Task prompt => Each line below that contains "Weyl" should be counted. Give only the total.

Data to examine =>
Lemma region_equiv_wait (C : finType) (x y : C -> time) (t1 : time) :
  region_equiv x y -> 0 <= t1 ->
  exists2 t2, 0 <= t2 & region_equiv (fun c => x c + t1) (fun c => y c + t2).
Proof.
move=> xy t1_ge0.
pose n := floor t1; pose e := 1 - (t1 - n%:~R).
have n_ge0 : 0 <= n by rewrite floor_ge0.
have e_bounds : 0 < e <= 1.
  have := floor_le t1; have := floorD1_gt t1; rewrite intrD => ? ?.
  by apply/andP; split; rewrite /e; lra.
have [e' [e'_bounds ee' cut_e]] := region_cut_exists xy e_bounds.
exists (n%:~R + (1 - e')).
  by move: e'_bounds n_ge0 => /andP [? ?]; rewrite -(ler0z time) => ?; lra.
have -> : t1 = n%:~R + (1 - e) by rewrite /e; ring.
have wait_cut c := cut_equiv_wait (xy.1 c) n_ge0 e_bounds e'_bounds ee'
  (cut_e c).1 (cut_e c).2.
have fract_bounds z : 0 <= fract K z < 1 by rewrite fract_ge0 fract_lt1.
apply: region_equiv_bounded => // c c' hc hc'.
rewrite !fract_wait //; try exact/(cut_equiv_leK (wait_cut _)).
by apply: rotate_le => //; [exact: (cut_e c).1 | exact: (cut_e c').1 | exact: xy.2].
Qed.

End Regions.

Section Evaluation.
Variable sg : signature.
(* Matrices over k[[h]]: Mat_n(k[[h]]) = (Mat_n(k))[[h]].                    *)
Definition hmat (k : fieldType) (n : nat) := hps 'M[k]_n.

Definition exph (k : fieldType) (n : nat) (X : hmat k n) : hmat k n :=
  @hps_exp k 'M[k]_n (fun c M => c *: M) (@hps_h 'M[k]_n X).

Definition calA (k : fieldType) (n : nat) (A : hmat k n) : Prop :=
  exists X : hmat k n, A = exph X.

(* The commutative ring k[x_1..x_n,p_1..p_n] = {mpoly k[n + n]}, with       *)
(* x_i = 'X_(lshift n i) and p_i = 'X_(rshift n i); its h-adic completion   *)
(* k[[h]][x,p]^ is hps {mpoly k[n+n]}.                                       *)
Definition xvar (k : fieldType) (n : nat) (i : 'I_n) : {mpoly k[n + n]} :=
  'X_(lshift n i).
Definition pvar (k : fieldType) (n : nat) (i : 'I_n) : {mpoly k[n + n]} :=
  'X_(rshift n i).

Definition xCp (k : fieldType) (n : nat) (C : hmat k n) : hps {mpoly k[n + n]} :=
  fun m => \sum_(i < n) \sum_(j < n) (C m i j) *: (xvar k i * pvar k j).

Definition hmat_sub1 (k : fieldType) (n : nat) (A : hmat k n) : hmat k n :=
  fun m => A m - hps_one 'M[k]_n m.

(* The Weyl algebra A_n(k) over k[[h]] (h-adically completed).  In          *)
(* characteristic zero the Weyl algebra over k is (faithfully) the algebra  *)
(* of polynomial differential operators on k[x_1..x_n], with x_i acting by  *)
(* multiplication and p_i by d/dx_i (so [p_i, x_j] = delta_ij).  Its        *)
(* h-adic completion over k[[h]] consists of series \sum_m h^m D_m, which   *)
(* we represent by the sequence (D_m) of operators; multiplication is the   *)
(* Cauchy product of compositions.                                          *)
Definition diffop (k : fieldType) (n : nat) := {mpoly k[n]} -> {mpoly k[n]}.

Task answer => 2